Having our sins forgiven is not like our initial commitment to Jesus Christ when all our sins were forgiven, we were justified. Rather it is a restoration of the close and intimate relationship we enjoy with our heavenly Father.

“Forgiveness and healing are part of the same work of God”

Martin Selman

e.g.

And the Lord heard Hezekiah and healed the people.

2 Chronicles 30:20

which is God’s answer to a prayer for pardon by those who set their hearts to seek God. Healing the land can refer to bringing the exiles back to the promised land (Jer. 30:17; 33:6-7) or restoring the land and its people to peace and security (Jer. 33:6; Is. 57:19).

“‘Heal their land’ may justly be described … as a comprehensive phrase for the restoration of all God’s purposes for the people of Israel and for the Promised Land”

Martin Selman

Questions for Discussion

  1. 2 Chron. 7:14 worked for Israel? Can it work for the Church?
  2. In what ways, if any, have we become proud?
  3. Do we really pray as a Church in this nation?
  4. Is there a danger that we might become too Old Testament in our thinking and forget all the remarkable benefits and blessings that are now ours in Jesus? e.g. “He is with us always”
  5. In what ways does our land need healing?
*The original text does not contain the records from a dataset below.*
Lemma edge_mul_e3 x y : x < y -> mul3 (edge x y) (e3 R y y y) = e3 R x y y.
Proof.
move=> xy; apply: ev_ext => z1 z2 z3 z12 z23.
rewrite mul3Dl evD !ev_mulL ?lexx ?(ltW xy) // !ev_e3 z12 z23 (lt_eqF xy) !eqxx.
rewrite /= !andbF !if_same add0r -[y <= z2 <= y]eq_le (eq_sym y) lexx.
case: (z1 == x) (z2 == y) => [] [] //=.
by case: (eqVneq z3 y) => [->|]; rewrite ?lexx ?andbF.
Qed.

Lemma edge_idem x y : x < y -> covering x y -> mul3 (edge x y) (edge x y) = edge x y.
Proof.
move=> xy cov; have xy' := ltW xy; have nxy := lt_eqF xy; have nyx := gt_eqF xy.
apply: ev_ext => z1 z2 z3 z12 z23.
rewrite /edge mul3Dl !mul3Dr !evD !ev_mulL ?lexx // !ev_e3 z12 z23 /= !eqxx ?nxy ?nyx /=.
rewrite ?andbF ?if_same ?add0r ?addr0 ?lexx /=.
case: (z1 == x) => /=; last by rewrite addr0.
case: (eqVneq z3 y) => [->|_]; last by rewrite !andbF if_same addr0.
rewrite xy' lexx covering_mem //= !andbT.
by case: (eqVneq z2 x) => [->|_] /=; rewrite ?nxy ?addr0 ?add0r.
Qed.

Lemma edge_corner x y g : x < y -> covering x y ->
  mul3 (mul3 (edge x y) g) (edge x y) = scal3 (ev g x y y) (edge x y).
Proof.
move=> xy cov; have xy' := ltW xy; have nxy := lt_eqF xy; have nyx := gt_eqF xy.
apply: ev_ext => z1 z2 z3 z12 z23.
rewrite /edge mul3Dr mul3Dl evZ !evD !ev_mulR ?lexx // !evD.
rewrite !ev_mulL ?lexx // !ev_e3 z12 z23 /=.
have -> : ev g x y x = 0 by rewrite ev_out // (lt_geF xy) andbF.
rewrite (lt_geF xy) xy' /= ?andbF !if_same add0r addr0.
case: (eqVneq z1 x) => [->|_] /=; last by rewrite ?andbF !if_same !add0r mulr0.
rewrite lexx /=; case: (eqVneq z3 y) => [_|_] /=; last by rewrite !andbF addr0 mulr0.
rewrite !andbT if_same !add0r (covering_mem z2 xy' cov).
case: (eqVneq z2 x) => [->|_] /=; first by rewrite nxy addr0 mulr1.
by case: (z2 == y); rewrite add0r ?mulr1 ?mulr0.
Qed.

Lemma ev_corner_e3 f g s t a c : s < t -> a < c -> covering a c ->
  ev (mul3 (mul3 f (e3 R s t t)) g) a a c =
  if (a == s) && (c == t) then ev f s s t * ev g s t t else 0.
Proof.
move=> st ac cov; rewrite ev_mul_aac ?(ltW ac) // sum_covering //.
rewrite !ev_mulR ?lexx ?(ltW st) // (ltW ac) /=.
case: (eqVneq a s) => [->|ns].
  rewrite (lt_eqF st) lexx (ltW st) /= mul0r add0r andbT.
  by case: (eqVneq c t) => [->|]; rewrite ?mul0r.
have fs0 : s <= a -> ev f a s t = 0.
  move=> sa; rewrite ev_out // negb_and; apply/orP; left.
  by apply: contra ns => a_s; apply/eqP/le_anti; rewrite a_s sa.
by case: (boolP (s <= a)) => [/fs0->|_]; rewrite ?andbF ?if_same !mul0r addr0.
Qed.

Section Idempotent.
Variable f : I3 P R.
Hypotheses (f_idem : mul3 f f = f) (f_J31 : J31 f).

Lemma idem_ev_aac a c : a < c -> covering a c -> ev f a a c * ev f a c c = ev f a a c.
Proof.
move=> ac cov.
by rewrite -[in RHS]f_idem ev_mul_aac ?(ltW ac) // sum_covering // f_J31 mul0r add0r.
Qed.

Lemma idem_balanced : balanced f.
Proof.
move=> a c ac cov; rewrite -idem_ev_aac //.
by rewrite -[in RHS]f_idem ev_mul_acc ?(ltW ac) // sum_covering // f_J31 mulr0 addr0.
Qed.

Lemma idem_edge_idem a c : a < c -> covering a c -> ev f a a c * ev f a a c = ev f a a c.
Proof. by move=> ac cov; rewrite {2}idem_balanced // idem_ev_aac. Qed.

Lemma idem_unit_edge : indecomposable R -> ~ J32 f ->
  exists s t, [/\ s < t, covering s t & ev f s s t = 1].
Proof.
move=> Rind notJ.
case: (pickP (fun t : trip P => (lng (val t).1.1 (val t).2 < 2)%N && (f t != 0)))
  => [t0 /andP[l0 ft0]|none]; last first.
  by case: notJ => t lt; move: (none t); rewrite lt => /negbFE/eqP.
move: ft0 l0; rewrite -ev_val; case: t0 => [[[s m] t] /= /andP[sm mt]] fsmt /lng_lt2P cov.
have st : s < t.
  rewrite lt_neqAle (le_trans sm mt) andbT; apply: contraNneq fsmt => eq_st.
  by move: mt; rewrite -eq_st => ms; rewrite (@le_anti _ _ m s) ?sm ?ms // f_J31.
exists s, t; split => //.
have : ev f s s t != 0.
  move: fsmt; have := covering_mem m (ltW st) cov; rewrite sm mt.
  by case/esym/orP=> /eqP->; rewrite -?idem_balanced.
by case: (Rind _ (idem_edge_idem st cov)) => ->; rewrite ?eqxx.
Qed.

Lemma J32_sub_edge s t : s < t ->
  (forall a c, a < c -> covering a c -> ev f a a c = ((a == s) && (c == t))%:R) ->
  J32 (f - edge s t).
Proof.
move=> st f_edges; apply/J32E => a m c am mc /lng_lt2P cov.
rewrite evB evD !ev_e3 am mc /=.
case: (eqVneq a c) => [eq_ac|ac].
  subst c; have -> : m = a by apply/le_anti; rewrite am mc.
  rewrite f_J31; case: (eqVneq a s) => [->|];
    by rewrite ?(lt_eqF st) ?andbF /= ?addr0 ?subrr.
have lt_ac : a < c by rewrite lt_neqAle ac (le_trans am mc).
have := covering_mem m (ltW lt_ac) cov; rewrite am mc => /esym/orP[]/eqP->;
  rewrite -?idem_balanced // f_edges //.
  by case: (eqVneq a s) => [->|]; case: (eqVneq c t);
    rewrite /= ?(lt_eqF st) ?andbF ?addr0 ?subrr.
by case: (eqVneq a s); case: (eqVneq c t) => [->|];
  rewrite /= ?(gt_eqF st) ?andbF ?add0r ?subrr ?oppr0.
Qed.

End Idempotent.

End Incidence.

Section Homomorphism.
Context {dP dQ : Order.disp_t} (P : finPOrderType dP) (Q : finPOrderType dQ).
Context (R : comNzRingType) (Th : I3 P R -> I3 Q R).
Hypotheses (ThD : forall f g, Th (f + g) = Th f + Th g)
  (ThZ : forall r f, Th (scal3 r f) = scal3 r (Th f))
  (ThM : forall f g, Th (mul3 f g) = mul3 (Th f) (Th g)).
Implicit Types (f g h : I3 P R) (a b c x y z : P).

Lemma hom_B f g : Th (f - g) = Th f - Th g.
Proof. by apply: (addIr (Th g)); rewrite -ThD !subrK. Qed.

Lemma hom_0 : Th 0 = 0.
Proof. by rewrite -(subrr 0) hom_B subrr. Qed.

Lemma hom_assoc f g h : Th (assoc3 f g h) = assoc3 (Th f) (Th g) (Th h).
Proof. by rewrite /assoc3 hom_B !ThM. Qed.

Lemma hom_span (S : I3 Q R -> Prop) f :
  S 0 -> (forall u v, S u -> S v -> S (u + v)) -> (forall r u, S u -> S (scal3 r u)) ->
  (forall x y z, x <= y -> y <= z -> ev f x y z != 0 -> S (Th (e3 R x y z))) ->
  S (Th f).
Proof.
move=> S0 SD SZ Se; rewrite (e3_decomp f) (big_morph Th ThD hom_0).
apply: (big_ind S) => // -[[[x y] z] /= xyz] _; rewrite ThZ -(ev_in f xyz).
have [->|fxyz] := eqVneq (ev f x y z) 0; first by rewrite scal3_0.
by case/andP: xyz => xy yz; apply/SZ/Se.
Qed.

Lemma hom_e3_J31 a b c : a <= b -> b <= c -> a != c -> J31 (Th (e3 R a b c)).
Proof.
move=> ab bc ac; have [eq_bc|bc'] := eqVneq b c.
  subst b; rewrite e3_acc_assoc; last by rewrite lt_neqAle ac ab.
  by rewrite hom_B !hom_assoc; apply: J31_B; apply: J31_assoc.
rewrite e3_abc_assoc //; last by rewrite lt_neqAle bc' bc.
by rewrite hom_B !hom_assoc; apply: J31_B; apply: J31_assoc.
Qed.

Lemma hom_J31 f : J31 f -> J31 (Th f).
Proof.
move=> Jf; apply: hom_span => [|||x y z xy yz]; [exact: J31_0|exact: J31_D|exact: J31_Z|].
case: (eqVneq x z) => [exz|xz _]; last exact: hom_e3_J31.
subst z; have -> : y = x by apply/le_anti; rewrite xy yz.
by rewrite Jf eqxx.
Qed.

Lemma hom_e3_balanced a b c : a <= b -> b <= c -> ~~ (lng a c < 2)%N ->
  balanced (Th (e3 R a b c)).
Proof.
move=> ab bc /lng_lt2P/covering_between[m0 am0 m0c].
have J31e x y z : x <= y -> y <= z -> x < z -> J31 (Th (e3 R x y z)).
  by move=> xy yz /lt_eqF/negbT; apply: hom_e3_J31.
have [eq_ba|ba] := eqVneq b a.
  subst b; have [m [am mc cov]] := ex_lower_cover am0 m0c.
  rewrite (e3_aac_mul R am mc cov) hom_B !ThM.
  apply: balanced_B; apply: balanced_mul;
    by apply: J31e; rewrite ?lexx ?ltW // (lt_trans am mc).
have [eq_bc|bc'] := eqVneq b c.
  subst b; have [m [am mc cov]] := ex_upper_cover am0 m0c.
  rewrite (e3_acc_mul R am mc cov) hom_B !ThM.
  apply: balanced_B; apply: balanced_mul;
    by apply: J31e; rewrite ?lexx ?ltW // (lt_trans am mc).
have ab' : a < b by rewrite lt_neqAle eq_sym ba ab.
have bc'' : b < c by rewrite lt_neqAle bc' bc.
rewrite (e3_abc_mul R ab' bc'') ThM.
by apply: balanced_mul; apply: J31e; rewrite ?lexx ?ltW.
Qed.

Lemma hom_J32_balanced f : J32 f -> balanced (Th f).
Proof.
move/J32E => Jf; apply: hom_span => [|||x y z xy yz].
- exact: balanced_0.
- exact: balanced_D.
- exact: balanced_Z.
case: (boolP (lng x z < 2)%N) => [lxz|lxz _]; last exact: hom_e3_balanced.
by rewrite Jf ?eqxx.
Qed.

End Homomorphism.

Section Isomorphism.
Context {dP dQ : Order.disp_t} (P : finPOrderType dP) (Q : finPOrderType dQ).
Context (R : comNzRingType) (Phi : I3 P R -> I3 Q R) (Psi : I3 Q R -> I3 P R).
Hypotheses (PhiD : forall f g, Phi (f + g) = Phi f + Phi g)
  (PhiZ : forall r f, Phi (scal3 r f) = scal3 r (Phi f))
  (PhiM : forall f g, Phi (mul3 f g) = mul3 (Phi f) (Phi g))
  (PhiK : cancel Phi Psi) (PsiK : cancel Psi Phi).

Let PsiD f g : Psi (f + g) = Psi f + Psi g.
Proof. by apply: (can_inj PhiK); rewrite PhiD !PsiK. Qed.

Let PsiZ r f : Psi (scal3 r f) = scal3 r (Psi f).
Proof. by apply: (can_inj PhiK); rewrite PhiZ !PsiK. Qed.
What are some of the sins of the nation?
  6. Did the first lock-down teach us anything?

Quote for the Week

“God teaches us to love by putting some unlovely people around us. It takes no character to love people who are lovely and loving to you”

Rick Warren

Verse of the week

When all the Israelites saw the fire coming down and the glory of the Lord above the temple, they knelt on the pavement with their faces to the ground, and they worshipped and gave thanks to the Lord, saying, ‘He is good; His love endures for ever.

2 Chronicles 7:3

Let’s Pray

Heavenly Father, we pray “teach us to pray”, for we are conscious that often we don’t know what to pray. So let Your Holy Spirit pray in and through us, even with groans to deep for words, in Jesus Christ’s Name, Amen.